Jun 24 19:34:39 endeavour audit[1]: SERVICE_STOP pid=1 uid=0 auid=4294967295 ses=4294967295 msg='unit=NetworkManager-dispatcher comm="systemd" exe="/usr/lib/systemd/systemd" hostnam>
Jun 24 19:34:39 endeavour kernel: audit: type=1131 audit(1624556079.523:127): pid=1 uid=0 auid=4294967295 ses=4294967295 msg='unit=NetworkManager-dispatcher comm="systemd" exe="/usr>
Jun 24 19:34:49 endeavour kernel: [drm:amdgpu_job_timedout [amdgpu]] *ERROR* ring gfx timeout, but soft recovered
Jun 24 19:34:51 endeavour kernel: amdgpu 0000:05:00.0: amdgpu: [gfxhub0] retry page fault (src_id:0 ring:0 vmid:2 pasid:32777, for process vlc pid 10746 thread vlc:cs0 pid 10769)
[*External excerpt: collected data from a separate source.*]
(* Adding [+- s_diff n] for [n] beyond the support of [v] and beyond the point where the
   [phi]s are [eta]-small raises [f] by [eps] and the [phi]s by at most [eta], while the
   coefficients of [v] stay in [[-1, 1]]. *)
Lemma staircase f Phi eps eta :
  linear_functional VL f -> (forall phi, In phi Phi -> tau_functional phi) -> eta > 0 ->
  (forall N, exists n, (N <= n)%nat /\ eps <= Rabs (f (s_diff n))) ->
  forall k : nat, exists v, INR k * eps <= f v /\
    (forall phi, In phi Phi -> Rabs (phi v) <= INR k * eta) /\
    (forall m, Rabs (coeff m v) <= 1).
Proof.
  intros Hl G Heta Hinf.
  destruct (list_s_diff_converges Phi G eta Heta) as [N0 HN0].
  enough (Hsupp : forall k : nat, exists v M, INR k * eps <= f v /\
             (forall phi, In phi Phi -> Rabs (phi v) <= INR k * eta) /\
             (forall m, Rabs (coeff m v) <= 1) /\ (forall m, (M <= m)%nat -> coeff m v = 0)).
  { intro k. destruct (Hsupp k) as [v [_ [H1 [H2 [H3 _]]]]]. exists v. auto. }
  induction k as [|k IH].
  - exists (vzero VL), 0%nat. simpl. rewrite (lf_0 VL f Hl).
    split; [lra|]. split; [|split].
    + intros phi Hin. rewrite (lf_0 VL phi (proj1 (G phi Hin))), Rabs_R0. lra.
    + intro m. rewrite (lf_0 VL _ (coeff_linear m)), Rabs_R0. lra.
    + intros m _. apply (lf_0 VL _ (coeff_linear m)).
  - destruct IH as [v [M [H1 [H2 [H3 H4]]]]].
    destruct (Hinf (Nat.max M N0)) as [n [Hn1 Hn2]].
    set (a := f (s_diff n)) in Hn2.
    set (sg := if Rle_dec 0 a then 1 else -1).
    assert (Hsa : sg * a = Rabs a)
      by (unfold sg; destruct (Rle_dec 0 a); [rewrite Rabs_pos_eq | rewrite Rabs_left]; lra).
    assert (Hsg : Rabs sg = 1)
      by (unfold sg; destruct (Rle_dec 0 a); [apply Rabs_R1 | rewrite Rabs_left; lra]).
    exists (vadd VL v (vscal VL sg (s_diff n))), (S n). rewrite S_INR.
    split; [|split; [|split]].
    + rewrite (proj1 Hl), (proj2 Hl). fold a. lra.
    + intros phi Hin. destruct (G phi Hin) as [Hpl _]. rewrite (proj1 Hpl), (proj2 Hpl).
      pose proof (Rabs_triang (phi v) (sg * phi (s_diff n))).
      rewrite Rabs_mult, Hsg in H. specialize (H2 _ Hin).
      assert (Rabs (phi (s_diff n)) < eta) by (apply HN0; auto; lia). lra.
    + intro m. rewrite (proj1 (coeff_linear m)), (proj2 (coeff_linear m)), coeff_s_diff.
      destruct (Nat.eq_dec n m) as [<-|Hnm].
      * rewrite H4, Rplus_0_l, Rmult_1_r, Hsg by lia. lra.
      * rewrite Rmult_0_r, Rplus_0_r. apply H3.
    + intros m Hm. rewrite (proj1 (coeff_linear m)), (proj2 (coeff_linear m)), coeff_s_diff.
      destruct (Nat.eq_dec n m); [lia|]. rewrite H4 by lia. ring.
Qed.

Lemma nu_continuous_tau_continuous f :
  linear_functional VL f -> continuous nu R_topology f -> continuous tau R_topology f.
Proof.
  intros Hl Hc. apply (free_continuous_of_comp VL tau i Hfree f Hl), s_continuous_of_seq.
  intros eps He.
  enough (Hd : exists N, forall n, (N <= n)%nat -> Rabs (f (s_diff n)) < eps).
  { destruct Hd as [N HN]. exists N. intros n Hn. specialize (HN n Hn).
    unfold s_diff in HN. rewrite lf_sub in HN by exact Hl. exact HN. }
  apply NNPP. intro Hn.
  assert (Hinf : forall N, exists n, (N <= n)%nat /\ eps <= Rabs (f (s_diff n))).
  { intro N. apply NNPP. intro Hn2. apply Hn. exists N. intros n Hn3.
    apply Rnot_le_lt. intro Hle. apply Hn2. exists n. auto. }
  assert (Hf0 : f (vzero VL) = 0) by (apply lf_0; auto).
  destruct (Hc _ (R_ball_open (f (vzero VL)) eps) (vzero VL)) as [P [G [eta [Heta Hb]]]];
    [cbv beta; rewrite Rminus_diag, Rabs_R0; lra|].
  destruct (INR_archimed eta 2 Heta) as [K HK].
  assert (HK0 : 0 < INR K) by nra.
  destruct (staircase f P eps (eta / 2) Hl G ltac:(lra) Hinf K) as [v [Hfv [HPv Hcv]]].
  assert (Hscale : forall psi, linear_functional VL psi ->
                   Rabs (psi (vscal VL (/ INR K) v)) = Rabs (psi v) / INR K).
  { intros psi Hpsi. rewrite (proj2 Hpsi), Rabs_mult, Rabs_inv, (Rabs_pos_eq (INR K)) by lra.
    unfold Rdiv. ring. }
  assert (Hw : nu_ball P (vzero VL) eta (vscal VL (/ INR K) v)).
  { apply (nu_ball_zero_of_bound P G _ (eta / 2)); [lra|].
    intros psi Hpsi. rewrite Hscale by exact (proj1 (nu_family_tau P G psi Hpsi)).
    apply (Rmult_le_reg_r (INR K)); [lra|]. unfold Rdiv. rewrite Rmult_assoc, Rinv_l by lra.
    destruct Hpsi as [Hin|[m ->]]; [specialize (HPv _ Hin) | specialize (Hcv m)]; nra. }
  specialize (Hb _ Hw). cbv beta in Hb. rewrite Hf0, Rminus_0_r, Hscale in Hb by exact Hl.
  apply (Rmult_lt_compat_r (INR K)) in Hb; [|lra].
  replace (Rabs (f v) / INR K * INR K) with (Rabs (f v)) in Hb by (field; lra).
  pose proof (Rle_abs (f v)). nra.
Qed.

Lemma nu_compatible : lc_compatible VL tau nu.
Proof.
  intros f Hl. split.
  - intro Hc. apply tau_continuous_nu_continuous. split; auto.
  - apply nu_continuous_tau_continuous, Hl.
Qed.

(* [s_diff n] tends to [0] for [tau], but lies on the sphere of radius [1] of the
   seminorm [sup_n |coeff n|]. *)
Lemma nu_not_coarser : ~ coarser nu tau.
Proof.
  intro Hco.
  assert (HU : open tau (nu_ball nil (vzero VL) 1)) by (apply Hco, nu_ball_open; intros phi []).
  pose proof (i_continuous VL tau i Hfree _
                (affine_open VL tau (tau_vector VL tau i Hfree) _ 1 (vopp VL (i s_zero)) HU)) as HO.
  destruct (proj1 (s_open_iff _) HO s_zero) as [d [Hd Hdy]].
  { cbv beta. rewrite (vadd_opp _ VL), (vscal_1 _ VL). apply nu_ball_center. lra. }
  destruct (s_seq_small d Hd) as [N HN].
  destruct (Hdy (s_seq N)) as [r [Hr Hy]].
  - cbn [proj1_sig s_seq s_zero]. rewrite Rminus_0_r, Rabs_pos_eq; [apply HN; auto|].
    left; apply s_seq_pos.
  - specialize (Hy (coeff N) (or_intror (ex_intro _ N eq_refl))).
    rewrite (vscal_1 _ VL) in Hy. fold (s_diff N) in Hy.
    rewrite coeff_s_diff, (lf_0 VL _ (coeff_linear N)) in Hy.
    destruct (Nat.eq_dec N N); [|lia]. rewrite Rminus_0_r, Rabs_R1 in Hy. lra.
Qed.

Lemma nu_locally_quasi_convex : locally_quasi_convex VL nu.
Proof.
  intros W HW W0. destruct (HW _ W0) as [P [G [e [He H]]]].
  exists (fun y => forall psi, nu_family P psi -> Rabs (psi y) <= e / 2). split; [|split].
  - apply polar_ball_quasi_convex; [lra|]. intros psi Hpsi.
    pose proof (nu_family_tau P G psi Hpsi) as Gp.
    split; [exact (proj1 Gp) | apply tau_continuous_nu_continuous, Gp].
  - exists (nu_ball P (vzero VL) (e / 2)).
    split; [apply nu_ball_open; auto|]. split; [apply nu_ball_center; lra|].
    intros y [r [Hr Hy]] psi Hpsi. specialize (Hy _ Hpsi).
    rewrite (lf_0 VL _ (proj1 (nu_family_tau P G psi Hpsi))), Rminus_0_r in Hy. lra.
  - intros y Hy. apply H. apply (nu_ball_zero_of_bound P G _ (e / 2)); [lra | exact Hy].
Qed.

End Nu.

Theorem theorem1p1 :
  forall (L : Type) (VL : vector_space L) (tau : topology L) (i : s_pt -> L),
    free_lcs s_topology VL tau i ->
    ~ mackey_space VL tau /\ ~ mackey_group VL tau.
Proof.
  intros L VL tau i Hfree.
  pose proof (nu_not_coarser VL tau i Hfree) as Hstrict.
  split; intro Hmackey; apply Hstrict, Hmackey.
  - apply nu_locally_convex.
  - apply nu_compatible.
  - apply vector_group_topology, nu_vector.
  - apply nu_locally_quasi_convex.
  - apply group_compatible_of_lc_compatible;
      [exact (tau_vector VL tau i Hfree) | apply nu_vector | apply nu_compatible].
Qed.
Jun 24 19:34:51 endeavour kernel: amdgpu 0000:05:00.0: amdgpu:   in page starting at address 0x800103600000 from client 27
Jun 24 19:34:51 endeavour kernel: amdgpu 0000:05:00.0: amdgpu: VM_L2_PROTECTION_FAULT_STATUS:0x00601031
Jun 24 19:34:51 endeavour kernel: amdgpu 0000:05:00.0: amdgpu:          Faulty UTCL2 client ID: TCP (0x8)
Jun 24 19:34:51 endeavour kernel: amdgpu 0000:05:00.0: amdgpu:          MORE_FAULTS: 0x1
Jun 24 19:34:51 endeavour kernel: amdgpu 0000:05:00.0: amdgpu:          WALKER_ERROR: 0x0
Jun 24 19:34:51 endeavour kernel: amdgpu 0000:05:00.0: amdgpu:          PERMISSION_FAULTS: 0x3
Jun 24 19:34:51 endeavour kernel: amdgpu 0000:05:00.0: amdgpu:          MAPPING_ERROR: 0x0
Jun 24 19:34:51 endeavour kernel: amdgpu 0000:05:00.0: amdgpu:          RW: 0x0
Jun 24 19:34:51 endeavour kernel: amdgpu 0000:05:00.0: amdgpu: [gfxhub0] retry page fault (src_id:0 ring:0 vmid:2 pasid:32777, for process vlc pid 10746 thread vlc:cs0 pid 10769)
Jun 24 19:34:51 endeavour kernel: amdgpu 0000:05:00.0: amdgpu:   in page starting at address 0x800103601000 from client 27
Jun 24 19:34:51 endeavour kernel: amdgpu 0000:05:00.0: amdgpu: VM_L2_PROTECTION_FAULT_STATUS:0x00601031
Jun 24 19:34:51 endeavour kernel: amdgpu 0000:05:00.0: amdgpu:          Faulty UTCL2 client ID: TCP (0x8)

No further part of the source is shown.